Ou quando acordei a meio da noite e fui à casa de banho, assustando o meu filho que se levantou e que, vendo a pairar no escuro uma tshirt branca (nesse dia devo ter tido frio de noite), julgou que era uma assombração e deu um grito e um salto no ar à la Karate Kid deixando-me a mim completamente aterrada, julgando que o rapaz estava possuído.


Ou quando, in heaven, andando a passear sozinha no campo, comecei a ouvir uns estalidos atrás dos arbustos e, assustada, comecei a acelerar o passo e os estalidos sempre atrás e eu, já assustada, a correr, achando que estava a ser perseguida. E então vejo a minha filha lá em cima, muito espantada, e eu queria correr e falar mas, tão assustada estava, mal tinha força para correr e para falar. Queria precavê-la, queria avisá-la que fugisse. Sei lá. E ela sem perceber nada. 
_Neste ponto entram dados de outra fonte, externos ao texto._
Lemma fib_termS m l : (k <= m)%N ->
  fib_term m l.+1 = 'X * fib_term m.-1 l.+1 + fib_term (m - k) l.
Proof.
move=> le_k_m; have [lt_m|le_m] := ltnP m (k * l.+1).
  by rewrite !fib_term_small ?mulr0 ?add0r //; nia.
have [A eA] : exists A, (m - (k - 1) * l.+1 = A.+1)%N.
  by exists (m - (k - 1) * l.+1).-1; nia.
have shiftX : 'X * ('C(A, l.+1)%:R * 'X^(m.-1 - k * l.+1))
    = 'C(A, l.+1)%:R * 'X^(m - k * l.+1) :> {poly int}.
  have [eq_m|neq_m] := eqVneq m (k * l.+1).
    by rewrite bin_small ?mul0r ?mulr0 //; nia.
  by rewrite mulrCA -exprS; congr (_ * 'X^_); nia.
rewrite /fib_term eA binS natrD mulrDl -shiftX.
have -> : (m.-1 - (k - 1) * l.+1 = A)%N by nia.
have -> : (m - k - (k - 1) * l = A)%N by nia.
by have -> : (m - k - k * l = m - k * l.+1)%N by nia.
Qed.

Lemma Fib_aux_fuel f1 f2 n : (n < f1)%N -> (n < f2)%N -> Fib_aux k f1 n = Fib_aux k f2 n.
Proof.
elim: f1 f2 n => [|f1 IHf] [|f2] n //= lt_n_f1 lt_n_f2.
by case: ifP => // /negbT; rewrite -leqNgt => le_k_n; congr (_ * _ + _); apply: IHf; lia.
Qed.

Lemma FibE n :
  Fib k n = if (n < k)%N then 'X^n else 'X * Fib k n.-1 + Fib k (n - k).
Proof.
rewrite /Fib [in LHS]/=; case: ifP => // /negbT; rewrite -leqNgt => le_k_n.
by congr (_ * _ + _); apply: Fib_aux_fuel; lia.
Qed.
Lemma dist_sqrt_binary_form_le a b c : nonneg_binary_form a b c ->
  `|Num.sqrt (a + 2 * b + c) - Num.sqrt a| <= Num.sqrt c.
Proof.
move=> H; have [a_ge0 c_ge0 b2_le] := nonneg_binary_formP H.
have s_ge0 : 0 <= a + 2 * b + c by have := H 1 1; lra.
have := sqrtr_ge0 a; have := sqrtr_ge0 c; have := sqrtr_ge0 (a + 2 * b + c).
have := sqr_sqrtr a_ge0; have := sqr_sqrtr c_ge0; have := sqr_sqrtr s_ge0.
set sa := Num.sqrt a; set sc := Num.sqrt c; set ss := Num.sqrt _.
move=> ess esc esa ss_ge0 sc_ge0 sa_ge0.
have b_le : b <= sa * sc.
  have : b ^+ 2 <= (sa * sc) ^+ 2 by rewrite exprMn esa esc.
  have := mulr_ge0 sa_ge0 sc_ge0; nra.
have bc_ge : - (b + c) <= sc * ss.
  have : (b + c) ^+ 2 <= (sc * ss) ^+ 2 by rewrite exprMn esc ess; nra.
  have := mulr_ge0 sc_ge0 ss_ge0; nra.
rewrite ler_norml; apply/andP; split.
- suff : sa <= ss + sc by lra.
  rewrite -ler_sqr ?nnegrE ?addr_ge0 // esa sqrrD ess esc; nra.
- suff : ss <= sa + sc by lra.
  rewrite -ler_sqr ?nnegrE ?addr_ge0 // ess sqrrD esa esc; nra.
Qed.

Lemma dist_sqrt_le a b : 0 <= a -> 0 <= b ->
  `|Num.sqrt a - Num.sqrt b| <= Num.sqrt `|a - b|.
Proof.
wlog ba : a b / b <= a.
  move=> W a_ge0 b_ge0; have [ba|ab] := leP b a; first exact: W.
  by rewrite distrC (distrC a); apply: W => //; lra.
move=> a_ge0 b_ge0; rewrite [`|a - b|]ger0_norm ?subr_ge0 //.
have sba : Num.sqrt b <= Num.sqrt a by rewrite ler_sqrt.
rewrite ger0_norm ?subr_ge0 // lerBlDl.
rewrite -ler_sqr ?nnegrE ?addr_ge0 ?sqrtr_ge0 //.
rewrite sqrrD !sqr_sqrtr ?subr_ge0 //.
have := mulr_ge0 (sqrtr_ge0 b) (sqrtr_ge0 (a - b)); lra.
Qed.

Lemma sqrt_sqr_div16 a : 0 <= a -> Num.sqrt (a ^+ 2 / 16) = a / 4.
Proof.
have -> : a ^+ 2 / 16 = (a / 4) ^+ 2 by field.
by move=> a_ge0; rewrite sqrtr_sqr ger0_norm // divr_ge0.
Qed.

End SqrtBounds.

Section QuadraticForms.
Variable R : realType.

Definition vdot n (u v : 'cV[R]_n) : R := (u^T *m v) ord0 ord0.
Definition qform n (u : 'cV[R]_n) (A : 'M[R]_n) (v : 'cV[R]_n) : R :=
  (u^T *m A *m v) ord0 ord0.

Variable n : nat.
Implicit Types (u v w : 'cV[R]_n) (A B : 'M[R]_n) (a s t : R).

Lemma vdotE u v : vdot u v = \sum_i u i ord0 * v i ord0.
Proof. by rewrite /vdot mxE; apply: eq_bigr => i _; rewrite mxE. Qed.

Lemma qformE u A v :
  qform u A v = \sum_i \sum_j u i ord0 * A i j * v j ord0.
Proof.
rewrite /qform mxE; under eq_bigr => j _ do rewrite mxE big_distrl /=.
rewrite exchange_big; apply: eq_bigr => i _; apply: eq_bigr => j _.
by rewrite !mxE.
Qed.

Lemma vdotC u v : vdot u v = vdot v u.
Proof. by rewrite !vdotE; apply: eq_bigr => i _; rewrite mulrC. Qed.

Lemma vdot_ge0 u : 0 <= vdot u u.
Proof. by rewrite vdotE; apply: sumr_ge0 => i _; rewrite -expr2 sqr_ge0. Qed.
Lá consegui balbuciar: 'Um cavalo...'.  E ela, admiradíssima: 'Um cavalo...?'. Claro que não percebia. Depois, então, disse o nome do irmão. Amedrontada, olhei para trás. O meu filho. Também sem perceber nada. 

Não sei de que é que estava à espera. Um bandido a cavalo, acho. Não sei o que é que os estalidos feitos por um rapazito pequeno com a língua poderiam confundir-se com um patife a cavalo.

A minha filha diverte-se a imitar-me nesse momento altamente absurdo. E eu farto-me de rir com estas maluquices que se passam na minha vida.


E, por hoje, é isto.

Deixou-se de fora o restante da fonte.